UKIE publishes guidance on loot boxes

UKIE publishes guidance on loot boxes Ryan is a senior editor at TechForge Media with over a decade of experience covering the latest technology and interviewing leading industry figures. He can often be sighted at tech conferences with a strong coffee in one hand and a laptop in the other. If it's geeky, he’s probably into it. Find him on Twitter (@Gadget_Ry) or Mastodon (

UK Interactive Entertainment (Ukie) has published new principles to address concerns surrounding loot boxes in video games and provide better protections for players. 

The industry body has published 11 principles in total, developed by the Technical Working Group convened by the Department for Culture, Media, and Sport (DCMS). These principles aim to ensure that loot boxes are used responsibly and transparently within video games.

John Whittingdale, Minister for the Creative Industries, said:

“We’ve been clear the video games industry needs to do more to protect children and adults from the harms associated with loot boxes.

These new principles are a big step forward to make sure players can enjoy video games responsibly and safely.

I look forward to seeing games companies put the plans into action and will be watching their progress closely.”

Loot boxes are virtual items in some video games that players can purchase with real money or in-game currency to receive random rewards, which some believe amounts to gambling. There have been growing concerns about the potential harm they can cause, particularly to children and young players.

The UK government, in its response to the call for evidence on loot boxes, emphasised the need for improved protections and called for restricted access to loot boxes for minors, with parental consent.

The 11 principles have been carefully designed by the Technical Working Group, which includes representatives from across the video games industry. The group engaged with various stakeholders – including government authorities, academics, advocacy groups, and consumers – to ensure a collaborative approach to player protection and transparency.

The key objectives of these principles are twofold: first, to make sure that loot boxes are not readily available to children without the knowledge and consent of a parent or guardian, and second, to provide all players with spending controls and clear information about loot box mechanics.

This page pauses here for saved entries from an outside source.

(* (H + (a0 + eps) B) w = eps B w, so Cauchy-Schwarz bounds the secular function from
   below by (g.w)^2 / (eps^2 ||w||_B^2). *)
Lemma secular_gt_near (w : 'cV[R]_n) eps :
    (H + a0 *: B) *m w = 0 -> 0 < eps <= 1 ->
    eps * (bform B w w * delta ^+ 2) < dotv g w ^+ 2 ->
  delta ^+ 2 < secular (a0 + eps).
Proof.
move=> Pw /andP[eps_gt0 eps_le1].
set u := invmx (H + (a0 + eps) *: B) *m g.
have Pu : (H + (a0 + eps) *: B) *m u = g by rewrite mulKVmx // shift_unitmx // ltrDl.
have gw : dotv g w = eps * bform B u w.
  rewrite -Pu dotv_mull shift_trmx scalerDl addrA mulmxDl Pw add0r.
  by rewrite -scalemxAl dotvZr bformE.
have CS := psd_cauchy_schwarz _ u w Bpd.1 (posdef_psd Bpd).
rewrite /secular -/u gw => eps_small; rewrite ltNge; apply/negP => phi_le.
set kw := bform B w w in CS eps_small *; set c := bform B u w in CS eps_small *.
have kw_ge0 : 0 <= kw := posdef_psd Bpd w.
have CS_eps : (eps * c) ^+ 2 <= eps ^+ 2 * (kw * delta ^+ 2).
  rewrite exprMn ler_wpM2l ?sqr_ge0 //; apply: le_trans CS _.
  by rewrite mulrC ler_wpM2l.
have : eps ^+ 2 * (kw * delta ^+ 2) <= eps * (kw * delta ^+ 2).
  by apply: ler_wpM2r; [rewrite mulr_ge0 ?sqr_ge0 | nra].
by move/(le_trans CS_eps); rewrite leNgt eps_small.
Qed.

Lemma secular_lt_far t : 1 <= t ->
    bform B (invmx B *m g) (invmx B *m g) < t * delta ^+ 2 ->
  secular (a0 + t) < delta ^+ 2.
Proof.
move=> t_ge1 gam_lt; rewrite /secular.
set u := invmx (H + (a0 + t) *: B) *m g; set c := invmx B *m g.
have Pu : (H + (a0 + t) *: B) *m u = g.
  by rewrite mulKVmx // shift_unitmx // ltrDl (lt_le_trans ltr01).
move: gam_lt; set phi := bform B u u; set gam := bform B c c => gam_lt.
have phi_ge0 : 0 <= phi := posdef_psd Bpd u.
have gam_ge0 : 0 <= gam := posdef_psd Bpd c.
have d_ge : t * phi <= bform B u c.
  rewrite bformE mulKVmx ?posdef_unitmx // -Pu -bformE bform_shift mulrDl addrA.
  by rewrite lerDr -bform_shift Pa0_psd.
have CS := psd_cauchy_schwarz _ u c Bpd.1 (posdef_psd Bpd).
have [phi0|phi_gt0] := eqVneq phi 0; first by rewrite phi0; nra.
have {}phi_gt0 : 0 < phi by rewrite lt_def phi_gt0.
have tphi_ge0 : 0 <= t * phi by rewrite mulr_ge0 // (le_trans ler01 t_ge1).
have tphi_sq : (t * phi) ^+ 2 <= phi * gam.
  by apply: le_trans CS; rewrite ler_sqr ?nnegrE // (le_trans tphi_ge0 d_ge).
have t2phi_le : t ^+ 2 * phi <= gam by rewrite -(ler_pM2r phi_gt0); nra.
have : t * phi < delta ^+ 2 by rewrite -(ltr_pM2l (lt_le_trans ltr01 t_ge1)) mulrA; lra.
nra.
Qed.
(* Since P is real, \sum_p e^{i k.x_p} P(p) is the complex conjugate of its
   transform cosT P - i sinT P. *)
Lemma fmult_pairing S (Q P : Mh) :
  \sum_p frob (fmult X Y Z S Q p) (P p) =
  N^-1 * \sum_q (frob (Remx (S q (dft X Y Z Q q))) (cosT P q)
                 - frob (Immx (S q (dft X Y Z Q q))) (sinT P q)).
Proof.
rewrite /frob; set F := fun q => S q (dft X Y Z Q q).
transitivity (N^-1 * \sum_q \sum_p \sum_i \sum_j
  (cos (theta q p) * complex.Re (F q i j) - sin (theta q p) * complex.Im (F q i j))
  * P p i j).
  rewrite [in RHS]exchange_big mulr_sumr; apply: eq_bigr => p _.
  rewrite -[in RHS]exchange_big3 mulr_sumr; apply: eq_bigr => i _.
  rewrite mulr_sumr; apply: eq_bigr => j _.
  by rewrite fmultE -mulrA mulr_suml.
congr (_ * _); apply: eq_bigr => q _; rewrite -exchange_big3.
rewrite -sumrB; apply: eq_bigr => i _; rewrite -sumrB; apply: eq_bigr => j _.
by rewrite !mxE !mulr_sumr -sumrB; apply: eq_bigr => p _; ring.
Qed.

Lemma sum_frob_L_h (L1 L4 kappa2 : R) (Q : Mh) :
  \sum_p frob (L_h X Y Z L1 L4 kappa2 Q p) (Q p) = N^-1 * \sum_q
    (let k := wvec X Y Z q in let C := cosT Q q in let S := sinT Q q in
     - L1 * dot3 k k * (frob C C + frob S S)
     - L4 / 2 * (frob (rcross_r k S) C - frob (rcross_r k C) S
                 + (frob (rcross_r k S) C^T - frob (rcross_r k C) S^T))
     - kappa2 * (frob C C + frob S S)).
Proof.
have lapE : \sum_p frob (lap_h X Y Z Q p) (Q p) =
    N^-1 * \sum_q - dot3 (wvec X Y Z q) (wvec X Y Z q)
                    * (frob (cosT Q q) (cosT Q q) + frob (sinT Q q) (sinT Q q)).
  rewrite fmult_pairing; congr (_ * _); apply: eq_bigr => q _.
  by rewrite Remx_realZ Immx_realZ Remx_dft Immx_dft !frobZl frobNl; ring.
have curlE (P : Mh) : \sum_p frob (curl_h X Y Z Q p) (P p) =
    N^-1 * \sum_q (frob (rcross_r (wvec X Y Z q) (sinT Q q)) (cosT P q)
                   - frob (rcross_r (wvec X Y Z q) (cosT Q q)) (sinT P q)).
  rewrite fmult_pairing; congr (_ * _); apply: eq_bigr => q _.
  by rewrite Remx_curl Immx_curl Remx_dft Immx_dft rcross_rN opprK.
have QQE : \sum_p frob (Q p) (Q p) =
    N^-1 * \sum_q (frob (cosT Q q) (cosT Q q) + frob (sinT Q q) (sinT Q q)).
  by rewrite parseval mulKf // pnatr_eq0 -lt0n !muln_gt0 Nx_gt0 Ny_gt0 Nz_gt0.
rewrite /L_h; under eq_bigr do rewrite !frobDl !frobNl !frobZl /C_h frobDl frob_trmxl.
rewrite [in LHS]sumrB [in LHS]sumrB -![in LHS]mulr_sumr [in LHS]big_split /=.
rewrite lapE curlE (curlE (fun p => (Q p)^T)) QQE.
under [X in _ * (_ + _ * X)]eq_bigr do rewrite cosT_trmx sinT_trmx.
by rewrite mulrDr !mulr_sumr -big_split -!sumrB; apply: eq_bigr => q _ /=; ring.
Qed.

Lemma cell_volume_gt0 : 0 < hx X Nx * hy Y Ny * hz Z Nz.
Proof. by rewrite /hx /hy /hz !mulr_gt0 ?invr_gt0 ?ltr0n. Qed.

Lemma ip_L_h_le0 (L1 L4 kappa2 : R) (Q : Mh) :
  0 < L1 -> L4 ^+ 2 / (2 * L1) <= kappa2 ->
  ip_h X Y Z (L_h X Y Z L1 L4 kappa2 Q) Q <= 0.
Proof.
move=> L1_gt0 hkappa; rewrite /ip_h sum_frob_L_h.
rewrite mulr_ge0_le0 ?(ltW cell_volume_gt0) // mulr_ge0_le0 ?invr_ge0 ?ler0n //.
by apply: sumr_le0 => q _; rewrite subr_le0 mode_dissipative.
Qed.

End DiscreteFourier.

Lemma is_derive_sum_fin (R : realType) (I : finType) (h : I -> R -> R) (dh : I -> R) x :
  (forall i, is_derive x (1 : R) (h i) (dh i)) ->
  is_derive x (1 : R) (fun y => \sum_i h i y) (\sum_i dh i).
Proof.
move=> hdh; rewrite -fct_sumE.
by elim/big_ind2: _ => // [|f df g dg]; [exact: is_derive_cst | exact: is_deriveD].
Qed.

Section ExponentialSeries.
Variables (R : realType) (T : finType) (A : (T -> R) -> (T -> R)).
Hypothesis A_linear : linear A.
Implicit Types (v : T -> R) (s : T).

Definition opmx s s' : R := A (fun s0 => (s0 == s')%:R) s.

Some of the key principles include:

  1. Implementing technological controls to prevent anyone under 18 from acquiring loot boxes without parental consent.
  2. Creating awareness of these controls among players, parents, and guardians through regular communications and a targeted public information campaign.
  3. Forming an expert panel on age assurance in the gaming industry to develop best practices and engage with regulators, policymakers, and players.
  4. Disclosing the presence of loot boxes before purchase, along with clear probability disclosures about virtual item rewards.
  5. Designing loot boxes in a way that promotes fair and responsible play and is easily understandable to players.
  6. Supporting the Video Games Research Framework to foster data-driven research into gaming while respecting data privacy and confidentiality.

Ukie’s commitment to protecting players extends to combating unauthorised external sales of loot box items for real money, providing lenient refund policies for accidental purchases, and advancing protections for all players through information campaigns and continuous engagement with stakeholders.

To kickstart this initiative, Ukie plans to launch a £1 million, three-year public information campaign featuring popular broadcaster Judi Love. The campaign will focus on educating parents about parental controls to manage in-game purchases, screen time, online interactions, and access to age-appropriate content.

The 12-month implementation period will be followed by a review of the measures’ effectiveness, with continuous collaboration between Ukie, the UK Government, and other stakeholders to adapt to technological innovations and improve player protections further.

Daniel Wood, Co-CEO of Ukie, commented:

“Publishing these shared principles for how the industry approaches loot boxes is a UK first and provides us with a clear direction moving forwards.

The principles will improve protections for all players and underlines the industry’s commitment to safe and responsible play.

We look forward to working collaboratively across industry and with others to implement them over the coming months.”

By establishing these principles, Ukie sets a positive example for other countries and gaming communities worldwide, showing that responsible gaming practices can be achieved through industry-led initiatives and collaboration with relevant authorities.